AVAILABLE DATA:
------------------------

Lemma cfInd1_mul_der_step (gT : finGroupType) (G H : {group gT}) n :
    H \subset G ->
  exists2 phi : 'CF(G), lin_induced phi &
    'Ind[G, (H * G^`(n.+1))%G] 1 = 'Ind[G, (H * G^`(n))%G] 1 + phi.
Proof.
move=> sHG; set L := (H * G^`(n))%G; set J := (H * G^`(n.+1))%G.
have sLG : L \subset G by rewrite join_subG sHG der_sub.
have sJL : J \subset L.
  by rewrite join_subG joing_subl (subset_trans (der_subS n G)) ?joing_subr.
have nAL : G^`(n) <| L := normalS (joing_subr _ _) sLG (der_normal n G).
have sLJA : L \subset J * G^`(n).
  by rewrite /= norm_joinEl ?mulSg ?joing_subl // (subset_trans sHG) ?der_norm.
have [phi phi_lin IndJ] := cfInd1_supplement nAL sJL sLJA (joing_subr _ _).
exists ('Ind[G, L] phi); first exact: lin_induced_Ind.
by rewrite -(cfIndInd _ sLG sJL) IndJ linearD.
Qed.

Lemma cfInd1_mul_der (gT : finGroupType) (G H : {group gT}) i m :
    H \subset G ->
  exists2 phi : 'CF(G), lin_induced phi &
    'Ind[G, (H * G^`(i + m))%G] 1 = 'Ind[G, (H * G^`(i))%G] 1 + phi.
Proof.
move=> sHG; elim: m => [|m [phi phi_lin IHm]].
  by exists 0%R; [exact: lin_induced0 | rewrite addn0 addr0].
have [psi psi_lin step] := cfInd1_mul_der_step (i + m) sHG.
exists (phi + psi); first exact: lin_inducedD.
by rewrite addnS step IHm addrA.
Qed.

Theorem corollary3p1p4 (gT : finGroupType) (G H : {group gT}) (i : nat) :
  solvable G -> H \subset G -> (1 <= i)%N ->
  exists (r : nat) (Hs : 'I_r -> {group gT}) (chi : forall j : 'I_r, 'CF(Hs j)),
    [/\ forall j, Hs j \subset G,
        forall j, chi j \is a linear_char
      & 'Ind[G, H] 1 =
          'Ind[G, (H * G^`(i))%G] 1 + \sum_(j < r) 'Ind[G, Hs j] (chi j)].
Proof.
(* The argument works for every i. *)
move=> /derivedP[n derG1] sHG _.
have derGin1 : G^`(i + n) = 1.
  by elim: i => [|k IHk]; rewrite ?add0n // addSn dergSn IHk commG1.
have joinH : (H * G^`(i + n))%G = H by apply: val_inj; rewrite /= derGin1 joingG1.
have [phi phi_lin] := cfInd1_mul_der i n sHG; rewrite joinH => ->.
have [r [Hs [chi [sHsG lin_chi ->]]]] := lin_inducedP phi_lin.
by exists r, Hs, chi.
Qed.
(* Let $A$ and $B$ be automata. (1) If $(f,n)$ is a normed forward simulation from $A$ to $B$, then $f$ is a branching forward simulation from $A$ to $B$. (2) If $f$ is a branching forward simulation from $A$ to $B$, define $n:\mathrm{steps}(A)\times\mathrm{states}(B)\to\mathbb{N}$ by $n(s\xrightarrow{a}t,u)=0$ if $u\notin f[s]$, and otherwise $n(s\xrightarrow{a}t,u)$ is the minimal length (number of steps) of an execution fragment of $B$ starting in $u$ that is $f$-related to the execution fragment $s\,a\,t$ of $A$. Then $(f,n)$ is a normed forward simulation from $A$ to $B$ (with $\mathbb{N}$ ordered by $<$).
   Context: An automaton $A$ consists of a set $\mathrm{states}(A)$ of states, a nonempty set $\mathrm{start}(A)\subseteq\mathrm{states}(A)$ of start states, a set $\mathrm{acts}(A)$ of actions containing a distinguished internal action $\tau$, and a set $\mathrm{steps}(A)\subseteq\mathrm{states}(A)\times\mathrm{acts}(A)\times\mathrm{states}(A)$ of steps; write $s\xrightarrow{a}_A t$ for $(s,a,t)\in\mathrm{steps}(A)$. An execution fragment of $A$ is a finite or infinite alternating sequence $s_0a_1s_1a_2s_2\cdots$ of states and actions, beginning with a state and, if finite, ending with a state, such that $s_{i-1}\xrightarrow{a_i}_A s_i$ for all $i>0$; its index set $\mathrm{Index}(\alpha)$ is the set of indices $i$ of its states $s_i$. An execution is an execution fragment whose first state is a start state. For a relation $R$ write $R[s]=\{u\mid (s,u)\in R\}$. Execution correspondence: Let $R\subseteq\mathrm{states}(A)\times\mathrm{states}(B)$ and let $\alpha=s_0a_1s_1\cdots$ and $\alpha'=u_0b_1u_1\cdots$ be execution fragments of $A$ and $B$. An index relation over $R$ between $\alpha$ and $\alpha'$ is a relation $I\subseteq\mathrm{Index}(\alpha)\times\mathrm{Index}(\alpha')$ such that (1) $(i,j)\in I$ implies $(s_i,u_j)\in R$; (2) $(i,j)\in I$, $(i',j')\in I$ and $i<i'$ imply $j\le j'$; (3) every index of $\alpha$ is related by $I$ to some index of $\alpha'$ and every index of $\alpha'$ is related by $I$ to some index of $\alpha$; (4) if $(i,j),(i+1,j+1)\in I$ then $a_{i+1}=b_{j+1}$; if $(i,j),(i+1,j)\in I$ then $a_{i+1}=\tau$; if $(i,j),(i,j+1)\in I$ then $b_{j+1}=\tau$. The fragments $\alpha,\alpha'$ are $R$-related, written $(\alpha,\alpha')\in R$, if such an $I$ exists. A normed forward simulation from $A$ to $B$ is a pair $(f,n)$ where $f\subseteq\mathrm{states}(A)\times\mathrm{states}(B)$ and $n:\mathrm{steps}(A)\times\mathrm{states}(B)\to S$ for some set $S$ with a well-founded strict order $<$, such that: (1) if $s\in\mathrm{start}(A)$ then $f[s]\cap\mathrm{start}(B)\neq\emptyset$; (2) if $s\xrightarrow{a}_A t$ and $u\in f[s]$ then (a) $u\in f[t]$ and $a=\tau$, or (b) there is $v\in f[t]$ with $u\xrightarrow{a}_B v$, or (c) there is $v\in f[s]$ with $u\xrightarrow{\tau}_B v$ and $n(s\xrightarrow{a}t,v)<n(s\xrightarrow{a}t,u)$. A branching forward simulation from $A$ to $B$ is a relation $f\subseteq\mathrm{states}(A)\times\mathrm{states}(B)$ such that (1) if $s\in\mathrm{start}(A)$ then $f[s]\cap\mathrm{start}(B)\neq\emptyset$; (2) if $s\xrightarrow{a}_A t$ and $u\in f[s]$ then $B$ has an execution fragment that starts in $u$ and is $f$-related to the execution fragment $s\,a\,t$ of $A$. *)

From Stdlib Require Import Arith Classical ClassicalEpsilon.

Set Implicit Arguments.

(* Automata over a common universe of actions [Act]; the internal action
   tau : Act is passed explicitly wherever needed. *)
Record automaton (Act : Type) := Automaton {
  state : Type;
  start : state -> Prop;
  step : state -> Act -> state -> Prop;
  start_nonempty : exists s, start s
}.

Arguments state {Act} a.
Arguments start {Act} a _.
Arguments step {Act} a _ _ _.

------------------------

ABOUT THIS EXERCISE: Start with the first line of the data and print every line exactly. The line containing "by elim: i =>" is the last one to include.

RESPONSE BOX:
Lemma cfInd1_mul_der_step (gT : finGroupType) (G H : {group gT}) n :
    H \subset G ->
  exists2 phi : 'CF(G), lin_induced phi &
    'Ind[G, (H * G^`(n.+1))%G] 1 = 'Ind[G, (H * G^`(n))%G] 1 + phi.
Proof.
move=> sHG; set L := (H * G^`(n))%G; set J := (H * G^`(n.+1))%G.
have sLG : L \subset G by rewrite join_subG sHG der_sub.
have sJL : J \subset L.
  by rewrite join_subG joing_subl (subset_trans (der_subS n G)) ?joing_subr.
have nAL : G^`(n) <| L := normalS (joing_subr _ _) sLG (der_normal n G).
have sLJA : L \subset J * G^`(n).
  by rewrite /= norm_joinEl ?mulSg ?joing_subl // (subset_trans sHG) ?der_norm.
have [phi phi_lin IndJ] := cfInd1_supplement nAL sJL sLJA (joing_subr _ _).
exists ('Ind[G, L] phi); first exact: lin_induced_Ind.
by rewrite -(cfIndInd _ sLG sJL) IndJ linearD.
Qed.

Lemma cfInd1_mul_der (gT : finGroupType) (G H : {group gT}) i m :
    H \subset G ->
  exists2 phi : 'CF(G), lin_induced phi &
    'Ind[G, (H * G^`(i + m))%G] 1 = 'Ind[G, (H * G^`(i))%G] 1 + phi.
Proof.
move=> sHG; elim: m => [|m [phi phi_lin IHm]].
  by exists 0%R; [exact: lin_induced0 | rewrite addn0 addr0].
have [psi psi_lin step] := cfInd1_mul_der_step (i + m) sHG.
exists (phi + psi); first exact: lin_inducedD.
by rewrite addnS step IHm addrA.
Qed.

Theorem corollary3p1p4 (gT : finGroupType) (G H : {group gT}) (i : nat) :
  solvable G -> H \subset G -> (1 <= i)%N ->
  exists (r : nat) (Hs : 'I_r -> {group gT}) (chi : forall j : 'I_r, 'CF(Hs j)),
    [/\ forall j, Hs j \subset G,
        forall j, chi j \is a linear_char
      & 'Ind[G, H] 1 =
          'Ind[G, (H * G^`(i))%G] 1 + \sum_(j < r) 'Ind[G, Hs j] (chi j)].
Proof.
(* The argument works for every i. *)
move=> /derivedP[n derG1] sHG _.
have derGin1 : G^`(i + n) = 1.
  by elim: i => [|k IHk]; rewrite ?add0n // addSn dergSn IHk commG1.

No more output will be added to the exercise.